- **Your instructions**:
Out of the material that follows, write out exactly the lines from the line with "Context: All graphs" to the line with "Induced subgraphs are", both ends included, and no others.

###

Lemma centered_arc_inj j q bb q' bb' : (0 < q)%N -> (q + bb <= n)%N ->
    (0 < q')%N -> (q' + bb' <= n)%N ->
  centered_arc j q bb = centered_arc j q' bb' -> q = q' /\ bb = bb'.
Proof.
move=> q_gt0 qbb q'_gt0 qbb' /arc_inj[||a_eq l_eq]; try lia.
have bb_eq : bb = bb'.
  by rewrite -(offset_centered j (_ : bb < n)%N) ?a_eq ?offset_centered //; lia.
by split=> //; lia.
Qed.

Lemma big_offset (R : Type) (idx : R) (op : Monoid.com_law idx) (F : 'I_n -> R) a l :
  (l <= n)%N ->
  \big[op/idx]_(v | (offset a v < l)%N) F v = \big[op/idx]_(0 <= t < l) F (vshift a t).
Proof.
move=> l_le; rewrite (big_nat_widen _ _ _ _ _ l_le) big_mkord.
rewrite (reindex (fun t : 'I_n => vshift a t)) /=.
  by apply: eq_bigl => t; rewrite vshiftK modn_small.
exists (fun v => Ordinal (offset_lt a v)) => [t _ | v _]; last exact: offsetK.
by apply: val_inj; rewrite /= vshiftK modn_small.
Qed.

Section Weights.
Variables (R : comPzRingType) (f : 'I_n -> R) (g : {set 'I_n} -> R).
Local Open Scope ring_scope.

Lemma arc_weight a l : (0 < l <= n)%N ->
  tree_weight f g (arc a l).1 (arc a l).2
  = (\prod_(0 <= t < l) f (vshift a t)) * \prod_(0 <= t < l.-1) g (cedge (vshift a t)).
Proof.
move=> /andP[l_gt0 l_le]; rewrite /tree_weight big_imset /=; last first.
  by move=> x y _ _; exact: cedge_inj.
rewrite -big_offset // -(big_offset _ (fun v => g (cedge v))).
  by congr (_ * _); apply: eq_bigl => v; rewrite inE ?ltn_predRL.
exact: leq_trans (leq_pred l) l_le.
Qed.

Lemma centered_arc_weight j q bb : (0 < q)%N -> (q + bb <= n)%N ->
  tree_weight f g (centered_arc j q bb).1 (centered_arc j q bb).2 =
  f j * (\prod_(0 <= k < q.-1)
           (g [set cv Hn (j + k)%N; cv Hn (j + k + 1)%N] * f (cv Hn (j + k + 1)%N)))
      * \prod_(0 <= k < bb)
           (g [set cv Hn (n + j - k)%N; cv Hn (n + j - k - 1)%N]
            * f (cv Hn (n + j - k - 1)%N)).
Proof.
move=> q_gt0 qbb; rewrite arc_weight; last lia.
set a := vshift j (n - bb).
have fwd t : vshift a (bb + t) = vshift j t.
  by rewrite vshift_add addnA subnK ?vshiftnD //; lia.
have bwd k : (k < bb)%N -> vshift a (bb - k.+1) = cv Hn (n + j - k - 1).
  by move=> k_lt; rewrite vshift_add; congr (cv Hn _); lia.
have bwd_succ k : (k < bb)%N -> vsucc (vshift a (bb - k.+1)) = cv Hn (n + j - k).
  by move=> k_lt; rewrite /vsucc !vshift_add; congr (cv Hn _); lia.
have -> : \prod_(0 <= t < bb + q) f (vshift a t)
    = (\prod_(0 <= k < bb) f (cv Hn (n + j - k - 1)))
      * (f j * \prod_(0 <= k < q.-1) f (cv Hn (j + k + 1))).
  rewrite big_nat_addn big_nat_rev; congr (_ * _).
    by apply: eq_big_nat => k /andP[_ k_lt]; rewrite add0n bwd.
  case: q q_gt0 {qbb} => // q _; rewrite big_nat_recl //= fwd vshift0.
  by congr (_ * _); apply: eq_bigr => k _; rewrite fwd /vshift addn1 addnS.
have -> : \prod_(0 <= t < (bb + q).-1) g (cedge (vshift a t))
    = (\prod_(0 <= k < bb) g [set cv Hn (n + j - k); cv Hn (n + j - k - 1)])
      * \prod_(0 <= k < q.-1) g [set cv Hn (j + k); cv Hn (j + k + 1)].
  rewrite (_ : (bb + q).-1 = bb + q.-1)%N; last lia.
  rewrite big_nat_addn big_nat_rev; congr (_ * _); apply: eq_big_nat => k /andP[_ k_lt].
    by rewrite add0n /cedge bwd_succ // bwd // setUC.
  by rewrite /cedge fwd /vsucc vshift_add /vshift addnA.
rewrite !big_split /=; ring.
Qed.
Theorem proposition2 :
  exists (S : finType) (D : olang S) (A : DBA S),
    0 < #|S| /\
    trivial_rcong D /\
    informative_rcong A /\
    (exists B1 B2 : DBA S,
        D_minimal D B1 /\ equivD D (L B1) (L A) /\
        D_minimal D B2 /\ equivD D (L B2) (L A) /\
        ~ DBA_iso B1 B2) /\
    (exists B : DBA S,
        D_minimal D B /\ equivD D (L B) (L A) /\ ~ informative_rcong B).
Proof.
exists bool, not_eventually_const, A3; split; first by rewrite card_bool.
split; first exact: trivial_rcong_not_eventually_const.
split; first exact: reduced_informative A3_reduced.
have last_letter_not_informative : ~ informative_rcong (last_letter true).
  apply: trivial_rcong_not_informative; first exact: last_letter_trivial_rcong.
  by rewrite card_bool.
split; [exists (last_letter true), (last_letter false) | exists (last_letter true)];
  by do ![exact: last_letter_D_minimal | exact: last_letter_equivD
         | exact: last_letter_not_iso | split].
Qed.
(* Let $G$ be a hypo-unique domination graph of order at least $3$. Then: (i) for every $x\in V(G)$, the graph $G-x$ has no $\gamma$-critical vertices; (ii) for every pair of distinct vertices $x,y$ of $G$, $\gamma(G-\{x,y\})\geq \gamma(G)-1$, and equality holds at least when $y$ does not belong to the unique $\gamma$-set of $G-x$.
   Context: All graphs are finite, simple and undirected. A set $D\subseteq V(G)$ is dominating if every vertex of $G$ not in $D$ has a neighbor in $D$; $\gamma(G)$ is the minimum size of a dominating set, and a dominating set of size $\gamma(G)$ is a $\gamma$-set. A vertex $v$ of a graph $H$ is $\gamma$-critical in $H$ if $\gamma(H-v)<\gamma(H)$. $G$ is a hypo-unique domination graph if $G$ has at least two $\gamma$-sets but for every $v\in V(G)$ the graph $G-v$ has exactly one $\gamma$-set. *)

(* A simple graph is a symmetric irreflexive relation e on a finType T.
   Induced subgraphs are represented by their vertex set S : {set T}
   (G[S]); so G - v is G[~: [set v]] and G - {x,y} is G[~: [set x; y]]. *)
From mathcomp Require Import all_boot.
Set Implicit Arguments. Unset Strict Implicit. Unset Printing Implicit Defensive.

Section Dom.
Variable T : finType.
Variable e : rel T.

Definition dominating (S D : {set T}) : bool :=
  (D \subset S) && [forall v in S :\: D, [exists u in D, e u v]].

(* domination number of G[S]: minimum size of a dominating set
   (S itself dominates G[S], so #|S| is a valid initial bound) *)
Definition gamma (S : {set T}) : nat :=
  \big[minn/#|S|]_(D : {set T} | dominating S D) #|D|.

Definition gamma_set (S D : {set T}) : bool :=
  dominating S D && (#|D| == gamma S).

Definition gamma_critical (S : {set T}) (v : T) : bool :=
  (v \in S) && (gamma (S :\ v) < gamma S).

Definition hypo_unique : Prop :=
  1 < #|[set D | gamma_set [set: T] D]| /\
  forall v : T, #|[set D | gamma_set (~: [set v]) D]| = 1.
End Dom.

(* If G[S] has a unique gamma-set, every gamma-critical vertex v of G[S] is
   isolated in G[S]: for a gamma-set D of G[S] - v and a neighbour u of v, both
   D + v and D + u would be gamma-sets of G[S].  Applied to G - x, this reduces
   (i) to two facts: G has no isolated vertex, and every vertex of G is
   gamma-critical (a vertex v pendant at x forces gamma(G) <= gamma(G - x)).
   Part (ii) then follows from gamma(G - x) = gamma(G) - 1.

   For criticality, assume gamma(G - z) >= gamma(G).  Then all gamma-sets of G
   but at most one contain z, and a neighbour of z that is not pendant at z is
   again non-critical.  Playing two gamma-sets against each other shows that
   the private neighbours of z with respect to a gamma-set containing z are
   pendant at z.  Hence G has exactly two gamma-sets: the unique gamma-set Dz
   of G - z, and z added to Dz minus the single pendant vertex at z; together
   they cover V.  Deleting any other vertex y of Dz from both gives two
   gamma-sets of G - y, so G has at most two vertices. *)

From mathcomp Require Import all_boot zify.
Set Implicit Arguments. Unset Strict Implicit. Unset Printing Implicit Defensive.

Section Domination.
Variable T : finType.
Variable e : rel T.
Hypothesis e_sym : symmetric e.
Hypothesis e_irr : irreflexive e.

Implicit Types (S A B D : {set T}) (u v w : T).

Lemma edge_neq u v : e u v -> u != v.
Proof. by apply: contraTneq => ->; rewrite e_irr. Qed.

Lemma dominatingP S D :
  reflect (D \subset S /\ forall w, w \in S -> w \notin D -> exists2 u, u \in D & e u w)
          (dominating e S D).
Proof.
apply: (iffP andP) => -[sDS domD]; split => //.
- move=> w wS wD; have /implyP := forallP domD w.
  by rewrite inE wD wS => /(_ isT) /existsP[u /andP[uD euw]]; exists u.
- apply/forallP => w; apply/implyP; rewrite inE => /andP[wD wS].
  by have [u uD euw] := domD w wS wD; apply/existsP; exists u; rewrite uD.
Qed.

Lemma gamma_le S D : dominating e S D -> gamma e S <= #|D|.
Proof.
move=> domD; rewrite /gamma; have := mem_index_enum D.
elim: (index_enum _) => //= D' r IHr; rewrite big_cons inE => /predU1P[<-|Dr].
  by rewrite domD geq_minl.
by case: ifP => // _; rewrite ?geq_min IHr ?orbT.
Qed.

Lemma gamma_set_exists S : exists D, gamma_set e S D.
Proof.
rewrite /gamma_set /gamma.
elim/big_rec: _ => [|D m domD [D' /andP[domD' /eqP cD']]].
  by exists S; rewrite eqxx andbT; apply/dominatingP; split=> // w ->.
by case: (leqP #|D| m) => _; [exists D; rewrite domD | exists D'; rewrite domD' cD']; rewrite eqxx.
Qed.
(* The theory $SOA$ of second order arithmetic cannot eliminate imaginaries.
   Context: $SOA$ is second order arithmetic with full comprehension and with choice for all definable sets of reals indexed by natural numbers (the theory $\Sigma^{1}_{\infty}\text{-}AC_{0}$). A theory $T$ eliminates imaginaries if whenever $T$ proves that some formula $E(x,y)$ defines an equivalence relation, there is a formula $F$ such that $T$ proves that $F$ defines a function and that for all $x,y$, $xEy$ iff $F(x)=F(y)$ (one may work with single variables rather than tuples, since the theories considered code finite sequences). *)

From Stdlib Require Import Arith.

(* ---------- syntax (de Bruijn indices, one index space per sort) ---------- *)

Inductive term : Type :=
| tvar  : nat -> term
| tzero : term
| tsucc : term -> term
| tadd  : term -> term -> term
| tmul  : term -> term -> term.

(* formulas; set variables are the only set terms (fmem t X : t ∈ X_X) *)
Inductive form : Type :=
| fbot  : form
| feq   : term -> term -> form
| flt   : term -> term -> form
| fmem  : term -> nat -> form
| fimp  : form -> form -> form
| fallN : form -> form      (* number quantifier, binds number index 0 *)
| fallS : form -> form.     (* set quantifier, binds set index 0 *)

Definition fneg (p : form) : form := fimp p fbot.
Definition for_ (p q : form) : form := fimp (fneg p) q.
Definition fand (p q : form) : form := fneg (fimp p (fneg q)).
Definition fiff (p q : form) : form := fand (fimp p q) (fimp q p).
Definition fexN (p : form) : form := fneg (fallN (fneg p)).
Definition fexS (p : form) : form := fneg (fallS (fneg p)).

Fixpoint tsubst (s : nat -> term) (t : term) : term :=
  match t with
  | tvar n => s n
  | tzero => tzero
  | tsucc u => tsucc (tsubst s u)
  | tadd u v => tadd (tsubst s u) (tsubst s v)
  | tmul u v => tmul (tsubst s u) (tsubst s v)
  end.

Definition upN (s : nat -> term) : nat -> term :=
  fun n => match n with
           | 0 => tvar 0
           | S m => tsubst (fun k => tvar (S k)) (s m)
           end.

Definition upS (r : nat -> nat) : nat -> nat :=
  fun n => match n with 0 => 0 | S m => S (r m) end.

Fixpoint fsubst (s : nat -> term) (r : nat -> nat) (p : form) : form :=
  match p with
  | fbot => fbot
  | feq u v => feq (tsubst s u) (tsubst s v)
  | flt u v => flt (tsubst s u) (tsubst s v)
  | fmem u X => fmem (tsubst s u) (r X)
  | fimp a b => fimp (fsubst s r a) (fsubst s r b)
  | fallN a => fallN (fsubst (upN s) r a)
  | fallS a => fallS (fsubst s (upS r) a)
  end.

Definition liftN (p : form) : form := fsubst (fun k => tvar (S k)) (fun k => k) p.
Definition liftS (p : form) : form := fsubst tvar S p.
Definition instN (t : term) (p : form) : form :=
  fsubst (fun n => match n with 0 => t | S m => tvar m end) (fun k => k) p.
Definition instS (Y : nat) (p : form) : form :=
  fsubst tvar (fun n => match n with 0 => Y | S m => m end) p.

Fixpoint tbound (n : nat) (t : term) : Prop :=
  match t with
  | tvar k => k < n
  | tzero => True
  | tsucc u => tbound n u
  | tadd u v | tmul u v => tbound n u /\ tbound n v
  end.

Fixpoint fbound (n m : nat) (p : form) : Prop :=
  match p with
  | fbot => True
  | feq u v | flt u v => tbound n u /\ tbound n v
  | fmem u X => tbound n u /\ X < m
  | fimp a b => fbound n m a /\ fbound n m b
  | fallN a => fbound (S n) m a
  | fallS a => fbound n (S m) a
  end.

(* (free variables of proved formulas are read universally; generalization) *)

Inductive Prov (T : form -> Prop) : form -> Prop :=
| pr_ax   : forall p, T p -> Prov T p
| pr_K    : forall p q, Prov T (fimp p (fimp q p))
| pr_S    : forall p q c,
    Prov T (fimp (fimp p (fimp q c)) (fimp (fimp p q) (fimp p c)))
| pr_DN   : forall p, Prov T (fimp (fneg (fneg p)) p)
| pr_MP   : forall p q, Prov T (fimp p q) -> Prov T p -> Prov T q
| pr_instN : forall p t, Prov T (fimp (fallN p) (instN t p))
| pr_qimpN : forall p q, Prov T (fimp (fallN (fimp (liftN q) p)) (fimp q (fallN p)))
| pr_genN : forall p, Prov T p -> Prov T (fallN p)
| pr_instS : forall p Y, Prov T (fimp (fallS p) (instS Y p))
| pr_qimpS : forall p q, Prov T (fimp (fallS (fimp (liftS q) p)) (fimp q (fallS p)))
| pr_genS : forall p, Prov T p -> Prov T (fallS p)
| pr_refl : forall t, Prov T (feq t t)
| pr_leib : forall p u v, Prov T (fimp (feq u v) (fimp (instN u p) (instN v p))).

Definition v0 := tvar 0.
Definition v1 := tvar 1.
Definition tpair (a b : term) : term := tadd (tmul (tadd a b) (tadd a b)) a.

Inductive SOA : form -> Prop :=
(* basic axioms (v1 = m, v0 = n) *)
| soa_succ0 : SOA (fallN (fneg (feq (tsucc v0) tzero)))
| soa_succinj : SOA (fallN (fallN (fimp (feq (tsucc v1) (tsucc v0)) (feq v1 v0))))
| soa_add0 : SOA (fallN (feq (tadd v0 tzero) v0))
| soa_addS : SOA (fallN (fallN (feq (tadd v1 (tsucc v0)) (tsucc (tadd v1 v0)))))
| soa_mul0 : SOA (fallN (feq (tmul v0 tzero) tzero))
| soa_mulS : SOA (fallN (fallN (feq (tmul v1 (tsucc v0)) (tadd (tmul v1 v0) v1))))
| soa_lt0 : SOA (fallN (fneg (flt v0 tzero)))
| soa_ltS : SOA (fallN (fallN (fiff (flt v1 (tsucc v0)) (for_ (flt v1 v0) (feq v1 v0)))))
| soa_ind : SOA (fallS (fimp (fand (fmem tzero 0)
                                    (fallN (fimp (fmem v0 0) (fmem (tsucc v0) 0))))
                              (fallN (fmem v0 0))))
(* full comprehension: exists X forall n (n in X <-> phi(n)), X not free in phi *)
| soa_comp : forall p, SOA (fexS (fallN (fiff (fmem v0 0) (liftS p))))
(* Sigma^1_oo-AC_0:
   (forall n exists X phi(n,X)) ->
   exists Y forall n exists X ((forall m (m in X <-> (n,m) in Y)) /\ phi(n,X)),
   i.e. forall n phi(n,(Y)_n) *)
| soa_ac : forall p,
    SOA (fimp (fallN (fexS p))
              (fexS (fallN (fexS
                 (fand (fallN (fiff (fmem v0 0) (fmem (tpair v1 v0) 1)))
                       (fsubst tvar (fun k => match k with 0 => 0 | S j => S (S j) end) p)))))).

(* P(a,b) for a binary formula P with free set variables 0 (first argument)
   and 1 (second argument), instantiated by set variables a, b *)
Definition app2 (P : form) (a b : nat) : form :=
  fsubst tvar (fun k => match k with 0 => a | 1 => b | S (S j) => j end) P.

(* extensional equality of set variables a, b (fallN binds no set index) *)
Definition seteq (a b : nat) : form := fallN (fiff (fmem v0 a) (fmem v0 b)).

Definition is_equiv_rel (E : form) : form :=
  fand (fallS (app2 E 0 0))
   (fand (fallS (fallS (fimp (app2 E 1 0) (app2 E 0 1))))
         (fallS (fallS (fallS (fimp (app2 E 2 1) (fimp (app2 E 1 0) (app2 E 2 0))))))).

(* forall x exists! z F(x,z)  (uniqueness up to set equality) *)
Definition is_function (F : form) : form :=
  fallS (fexS (fand (app2 F 1 0) (fallS (fimp (app2 F 2 0) (seteq 0 1))))).
(* Consider a mean-variance team stochastic game as described in the context. Let $\boldsymbol{\mu},\boldsymbol{\mu}'\in\mathcal{U}$ and for $\delta\in[0,1]$ let $\delta_{\boldsymbol{\mu}}^{\boldsymbol{\mu}'}$ be the (centralized) stationary policy $\delta_{\boldsymbol{\mu}}^{\boldsymbol{\mu}'}(\boldsymbol{a}|s)=(1-\delta)\boldsymbol{\mu}(\boldsymbol{a}|s)+\delta\boldsymbol{\mu}'(\boldsymbol{a}|s)$ (the joint action follows $\boldsymbol{\mu}$ with probability $1-\delta$ and $\boldsymbol{\mu}'$ with probability $\delta$). Then $$\frac{\mathrm{d}J(\delta_{\boldsymbol{\mu}}^{\boldsymbol{\mu}'})}{\mathrm{d}\delta}\Big|_{\delta=0}=\mathbb{E}_{s\sim\pi^{\boldsymbol{\mu}},\,\boldsymbol{a}\sim\boldsymbol{\mu}'(\cdot|s)}\big[A_f^{\boldsymbol{\mu}}(s,\boldsymbol{a})\big],$$ where the derivative at $\delta=0$ is the one-sided (right) derivative.
   Context: A team stochastic game consists of a finite set of agents $\mathcal{N}=\{1,\dots,N\}$, a finite state space $\mathcal{S}$, finite action sets $\mathcal{A}_i$ with joint action set $\mathcal{A}=\prod_i\mathcal{A}_i$, a transition kernel $P(s'|s,\boldsymbol{a})$ and a common reward $r:\mathcal{S}\times\mathcal{A}\to\mathbb{R}$. A policy of agent $i$ is $\mu_i:\mathcal{S}\to\Delta(\mathcal{A}_i)$ (set $\mathcal{U}_i$); a joint policy $\boldsymbol{\mu}\in\mathcal{U}=\prod_i\mathcal{U}_i$ has $\boldsymbol{\mu}(\boldsymbol{a}|s)=\prod_i\mu_i(a_i|s)$. More generally, any centralized stationary policy $\sigma:\mathcal{S}\to\Delta(\mathcal{A})$ induces the chain $P^{\sigma}(s'|s)=\sum_{\boldsymbol{a}}\sigma(\boldsymbol{a}|s)P(s'|s,\boldsymbol{a})$. Standing assumption: for every joint policy $\boldsymbol{\mu}\in\mathcal{U}$ the induced chain is ergodic; $\pi^{\sigma}$ denotes the stationary distribution of the chain induced by $\sigma$. For such $\sigma$: $\eta^{\sigma}=\sum_s\pi^{\sigma}(s)\sum_{\boldsymbol{a}}\sigma(\boldsymbol{a}|s)r(s,\boldsymbol{a})$, $\zeta^{\sigma}=\sum_s\pi^{\sigma}(s)\sum_{\boldsymbol{a}}\sigma(\boldsymbol{a}|s)(r(s,\boldsymbol{a})-\eta^{\sigma})^2$, and for fixed $\beta\ge0$, $J(\sigma)=J^{\sigma}=\eta^{\sigma}-\beta\zeta^{\sigma}$. Surrogate reward $f^{\sigma}(s,\boldsymbol{a})=r(s,\boldsymbol{a})-\beta(r(s,\boldsymbol{a})-\eta^{\sigma})^2$, $f^{\sigma}(s)=\sum_{\boldsymbol{a}}\sigma(\boldsymbol{a}|s)f^{\sigma}(s,\boldsymbol{a})$. $V_f^{\sigma}$ is a solution of the Poisson equation $V(s)=f^{\sigma}(s)-J^{\sigma}+\sum_{s'}P^{\sigma}(s'|s)V(s')$ (unique up to an additive constant, irrelevant below); $Q_f^{\sigma}(s,\boldsymbol{a})=f^{\sigma}(s,\boldsymbol{a})-J^{\sigma}+\sum_{s'}P(s'|s,\boldsymbol{a})V_f^{\sigma}(s')$; $A_f^{\sigma}(s,\boldsymbol{a})=Q_f^{\sigma}(s,\boldsymbol{a})-V_f^{\sigma}(s)$. *)

From HB Require Import structures.
From mathcomp Require Import all_boot all_order all_algebra.
From mathcomp Require Import all_classical all_reals all_analysis.
From Stdlib Require Import ClassicalEpsilon.

Set Implicit Arguments.
Unset Strict Implicit.
Unset Printing Implicit Defensive.

Import Order.TTheory GRing.Theory Num.Theory.
Local Open Scope ring_scope.

Section TeamGame.
Variable R : realType.
Variable S : finType.
Variable N : nat.
Variable A : 'I_N -> finType.

Definition jact := {dffun forall i : 'I_N, A i}.

Variable P : S -> jact -> S -> R.   (* P s a s' = P(s'|s,a) *)
Variable r : S -> jact -> R.
Variable beta : R.

Definition kernel_ok :=
  (forall s a s', 0 <= P s a s') /\ (forall s a, \sum_(s' : S) P s a s' = 1).

Definition agent_policy (i : 'I_N) (mui : S -> A i -> R) :=
  (forall s a, 0 <= mui s a) /\ (forall s, \sum_(a : A i) mui s a = 1).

###

- **Written solution**:
   Context: All graphs are finite, simple and undirected. A set $D\subseteq V(G)$ is dominating if every vertex of $G$ not in $D$ has a neighbor in $D$; $\gamma(G)$ is the minimum size of a dominating set, and a dominating set of size $\gamma(G)$ is a $\gamma$-set. A vertex $v$ of a graph $H$ is $\gamma$-critical in $H$ if $\gamma(H-v)<\gamma(H)$. $G$ is a hypo-unique domination graph if $G$ has at least two $\gamma$-sets but for every $v\in V(G)$ the graph $G-v$ has exactly one $\gamma$-set. *)

(* A simple graph is a symmetric irreflexive relation e on a finType T.
   Induced subgraphs are represented by their vertex set S : {set T}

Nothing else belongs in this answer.